Major post-flood changes

Man’s change from herbivorous to carnivorous/herbivorous (Gen. 9:3) obviously required a change in his digestive process. Why not the animals, even if their change was more fundamental and anatomical? Bro. Alan finds this concept difficult to accept, but it is surely no more difficult or miraculous than, say, the introduction of “color” to the human race.

A distinction between the animals was made at creation when God divided them into “cattle,” “beasts of the earth” and “creeping things.” It seems likely that the carnivores were contained within the latter two groups. While the anatomies and instincts of these animals might not yet have been fully adapted to flesh-eating and killing, it is possible that their structural capacity for change was already in place.

When this transformation occurred is surely the real issue. If Tyrannosaurs Rex, a known carnivore, died in the flood, as Bro. Alan asserts, then the change must have occurred before then. Some contend that it occurred at the fall, which makes sense in view of man’s physical and moral corruption and other environmental changes resulting from his sin. But how are we to explain antediluvian man’s apparent peaceful, or tolerant, coexistence with the beasts of the earth? Did man still have dominion over the animals? Did the carnivores migrate to areas of the world uninhabitable by man, such as swamps and jungles?
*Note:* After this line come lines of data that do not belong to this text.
(* For $n\in\mathbb{N}$, let $G_n$ be the sink parity game with player 0 vertices $a_1,\dots,a_n$, player 1 vertices $b_1,\dots,b_{n+1}$ and sink $\top$, with priorities $\pi(a_i)=2i+1$ and $\pi(b_i)=2i+2$, and write $a_{n+1}:=\top$. For every $i\in[n]$, $a_i$ has an edge to $a_{i+1}$ with Bland number $2i-1$ and an edge to $b_{i+1}$ with Bland number $2i$, and $b_i$ has edges to $b_{i+1}$ and to $a_{i+1}$; $b_{n+1}$ has a single edge to $\top$, and $\top$ has its self-loop. Let $\sigma_0$ be the player 0 strategy with $\sigma_0(a_i)=a_{i+1}$ for all $i\in[n]$. Then strategy improvement with Bland's rule, started at $\sigma_0$, takes $2^n-1$ iterations to solve $G_n$. Moreover, the order of the valuations of $a_1$ and $b_1$ changes in every iteration (i.e. between any two consecutive strategies of the run, which of $\mathrm{val}(a_1)$, $\mathrm{val}(b_1)$ is larger with respect to $\triangleleft$ switches).
   Context: A sink parity game is a tuple $(V_0,V_1,E,\pi)$ specifying a directed graph on $V_G=V_0\cup V_1\cup\{\top\}$ in which every vertex has an outgoing edge, the sink $\top$ has only the self-loop as outgoing edge, and $\pi:V_G\to\mathbb{Z}\cup\{-\infty\}$ is a priority function with $\pi(\top)=-\infty$ (only at $\top$). Player $i$ owns $V_i$; player 0 edges are edges leaving $V_0$. A player-$i$ strategy is a map $\sigma:V_i\to V_G$ along edges; $E_\sigma$ consists of the edges $(v,\sigma(v))$, $v\in V_i$, and all edges leaving vertices not in $V_i$. A player 0 strategy is admissible if every cycle of $E_\sigma$ not containing $\top$ has even highest priority. For finite multisets $S_1,S_2$ of integers, $S_1\triangleleft S_2$ means $\sum_{s\in S_1}(-|V_0\cup V_1|)^s<\sum_{s\in S_2}(-|V_0\cup V_1|)^s$ (with multiplicity). For admissible $\sigma$, with $\bar\sigma$ an optimal (valuation-minimizing) counterstrategy of player 1, the play from $v_0$ is a simple path $v_0,\dots,v_k,\top$ and $\mathrm{val}_\sigma(v_0)=\{\pi(v_0),\dots,\pi(v_k)\}$ (multiset). A player 0 edge $(v,w)$ is an improving switch for $\sigma$ if $\mathrm{val}_\sigma(w)\triangleright\mathrm{val}_\sigma(\sigma(v))$; applying it redirects $v$ to $w$. Strategy improvement repeatedly applies one improving switch until none exists (optimal strategy); each application is one iteration. Bland's rule applies the improving switch with the smallest Bland number. *)

From mathcomp Require Import all_boot all_order all_algebra.
Set Implicit Arguments. Unset Strict Implicit. Unset Printing Implicit Defensive.
Import Order.TTheory GRing.Theory Num.Theory.
Local Open Scope ring_scope.

(* A sink parity game: finite vertex type, the sink [sink], the set of
   player-0 vertices [own0] (every vertex that is neither in own0 nor the
   sink belongs to player 1), the edge relation, priorities and Bland
   numbers of (player 0) edges.  The priority of the sink is -oo: the value
   [prio sink] is never used (the sink is excluded from valuations and cycles
   through the sink are excluded from the admissibility condition). *)
Record spg := SPG {
  vtx : finType;
  sink : vtx;
  own0 : pred vtx;
  edge : rel vtx;
  prio : vtx -> int;
  bland : vtx -> vtx -> nat
}.
Arguments sink : clear implicits.
Arguments own0 : clear implicits.
Arguments edge : clear implicits.
Arguments prio : clear implicits.
Arguments bland : clear implicits.

Section SPG.
Variable G : spg.
Local Notation V := (vtx G).

(* |V_0 \cup V_1| *)
Definition nV : nat := #|V|.-1.

Definition mweight (S : seq int) : rat := \sum_(s <- S) (- (nV%:R : rat)) ^ s.

Definition mlt (S1 S2 : seq int) : bool := mweight S1 < mweight S2.

(* A player-0 strategy is a function V -> V; only its values on own0 matter. *)
Definition strategy := V -> V.

Definition Esig (s : strategy) : rel V :=
  fun u w => if own0 G u then w == s u else edge G u w.

Definition is_strategy (s : strategy) : Prop :=
  forall v, own0 G v -> edge G v (s v).

Definition maxprio (c : seq V) : int :=
  foldr Num.max (prio G (head (sink G) c)) [seq prio G x | x <- c].

Definition admissible (s : strategy) : Prop :=
  is_strategy s /\
  forall c : seq V, c != [::] -> cycle (Esig s) c -> sink G \notin c ->
    (2 %| maxprio c)%Z.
It should be noted that there are other explanations for the existence of fossilized creatures, such as dinosaurs. One explanation is a pre-Adamic creation.

Implications for the kingdom age

In the kingdom, the reverse transformation among the animals, from carnivorous to herbivorous, seems reasonable to me unless, as Bro. Alan asserts, Isaiah 11:6-8 is to be taken figuratively. But why should it be, except to answer anatomical questions?

The lion eating straw like the ox is one of the more pleasing pictures of the kingdom. This change, like its predecessor, need not occur universally overnight. At the beginning of the millennium, marvelous environmental changes will surely occur relatively quickly in Israel, since the restored land is synonymous with God’s glory. But, for the rest of the world, change will come more slowly. It will be contingent, in large part, on man’s adherence to God’s law.

Hence, there may well be carnivorous lions existing at the same time as herbivorous lions, just not in the same locale. This would explain the “torn” animals of Ezekiel 44:32. Change will not be complete until the end of the millennium.

While I can see no compelling reason not to take Isaiah 11 literally, there is no reason why it cannot be taken both literally and figuratively. The harmony within the animal kingdom is consistent with the millennial rest that God has prepared for His people. The end of carnivorous aggression fits well with the subjugation of man’s sinfulness.

That immortal man, with his new spiritual body, should make meat part of his regular diet seems unlikely, although it is certainly not impossible (as demonstrated by Jesus and the angels). The Edenic model seems probable, however, with the “tree of life…and twelve manner of fruits” (Rev. 22:2) providing an infinitely satisfying source of divine nourishment.

The Levitical priesthood will be able to eat of the temple offerings (Ezk. 44:29) because they, and the rest of mortal mankind, will still be carnivorous/herbivorous. It may be expected, however, that as the human race changes from its competitive, self-centered disposition to a peaceful, God-centered society, there will be a corresponding change in their eating habits also.